Bradford writes, “Ota never intended to remain abroad,” but what he hoped to return to remained unclear. Benga’s family and tribe were gone and, though Leopold II no longer held claim over the region, much of the brutality and exploitation persisted under the Belgian state.

On March 20, 1916 at five o’clock in the afternoon, Benga built a fire. He removed the caps from his teeth, danced, sang and shot himself in the heart with a revolver.


It would be difficult to argue that Ota Benga’s life suffered from his journey into America. He had escaped slavery and torture, and he remained inquisitive and open toward the westerners he encountered. Maybe, as Reverend MacArthur insisted, it was the men who displayed him as well as the admission-paying public who were truly degraded.

“Something about the boundary condition of being human was exemplified in that cage. Somewhere man shaded into non-man. Perhaps if they looked hard enough the moment of transition might be seen.”

The hunger for spectacle that placed Ota on his stage was and remains a powerful cultural force—humanity, a condition both stolen and fought for.

Principal source: Ota Benga: The Pygmy in the Zoo, Phillips Verner Bradford and Harvey Blume, St. Martin’s Press (New York, 1992).

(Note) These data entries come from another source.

Lemma Riemann_integrable_cont_interior g a b M : a <= b ->
  (forall t, a <= t <= b -> Rabs (g t) <= M) ->
  (forall t, a < t < b -> continuous_within_at (fun s => a <= s <= b) g t) ->
  Riemann_integrable g a b.
Proof.
move=> hab Hbound Hcont.
have [hlt|<-] := Rle_lt_or_eq_dec _ _ hab; last exact: RiemannInt_P7.
have M_ge0 : 0 <= M by apply: Rle_trans (Rabs_pos _) (Hbound a _); lra.
apply: Riemann_integrable_step_approx => eps eps_gt0.
(* Clamping to [a + del, b - del] gives a continuous function that differs from
   g only within del of the endpoints, and there by at most 2 M. *)
set del := Rmin ((b - a) / 2) (eps / (8 * M + 8)).
have del_le1 : del <= (b - a) / 2 by apply: Rmin_l.
have del_le2 : del * (8 * M + 8) <= eps.
  have : del <= eps / (8 * M + 8) by apply: Rmin_r.
  have : eps / (8 * M + 8) * (8 * M + 8) = eps by field; lra.
  nra.
have del_gt0 : 0 < del.
  by apply: Rmin_pos; [lra | apply: Rdiv_lt_0_compat; lra].
set c := a + del; set d := b - del.
have hac : a <= c by rewrite /c; lra.
have hcd : c <= d by rewrite /c /d; lra.
have hdb : d <= b by rewrite /d; lra.
exists (fun t => g (clamp c d t)), (mkStepFun (outer_step_StepFun (2 * M) hac hcd hdb)).
split; [|split].
- constructor; apply: continuity_implies_RiemannInt => // y _.
  apply: (continuity_pt_clamp (a := a) (b := b)) => // t ht.
  by apply: Hcont; rewrite /c /d in ht; lra.
- move=> t; rewrite Rmin_left ?Rmax_right; try lra.
  move=> Ht /=; rewrite /outer_step.
  have hcl := clamp_in t hcd.
  have gap : Rabs (g t - g (clamp c d t)) <= 2 * M.
    apply: Rle_trans (Rabs_triang _ _) _; rewrite Rabs_Ropp.
    by have := Hbound t Ht; have := Hbound (clamp c d t) ltac:(lra); lra.
  do 2?case: Rle_dec => ? //=.
  by rewrite clamp_id ?Rminus_diag ?Rabs_R0; lra.
- rewrite /RiemannInt_SF; case: Rle_dec => [_ /=|]; last lra.
  by rewrite Rabs_right /c /d; nra.
Qed.

Lemma Riemann_integrable_cont_except (B : list R) g a b M : a <= b ->
  (forall t, a <= t <= b -> Rabs (g t) <= M) ->
  (forall t, a < t < b -> ~ List.In t B ->
     continuous_within_at (fun s => a <= s <= b) g t) ->
  Riemann_integrable g a b.
Proof.
elim: B a b => [|p B IH] a b hab Hbound Hcont.
  by apply: (Riemann_integrable_cont_interior (M := M)) => // t /Hcont; apply.
have Hsub a' b' : a <= a' -> b' <= b -> a' <= b' -> ~ (a' < p < b') ->
    Riemann_integrable g a' b'.
  move=> ha hb hab' hp; apply: IH hab' _ _ => [t ht|t ht tB]; first by apply: Hbound; lra.
  apply: (continuous_within_at_subset (A := fun s => a <= s <= b)); first by move=> s; lra.
  by apply: Hcont; [lra | case=> [E|//]; apply: hp; rewrite E].
have [hp|hp] := pselect (a < p < b); last by apply: Hsub; lra.
by apply: (RiemannInt_P24 (b := p)); apply: Hsub; lra.
Qed.

Section CountableNegligible.
Local Open Scope classical_set_scope.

Related texts: King Leopold's Ghost: A Story of Greed, Terror, and Heroism in Colonial Africa by Adam Hochschild and In the Footsteps of Mr. Kurtz: Living on the Brink of Disaster in Mobutu's Congo by Michela Wrong.

3 comments:

Anonymous said...

otto bingo... who knew? Those pictures are amazing.

Anonymous said...

What an amazing story. It's too bad he couldn't go home.

Thanks for posting this.

Anonymous said...

Your blog keeps getting better and better! Your older articles are not as good as newer ones you have a lot more creativity and originality now keep it up!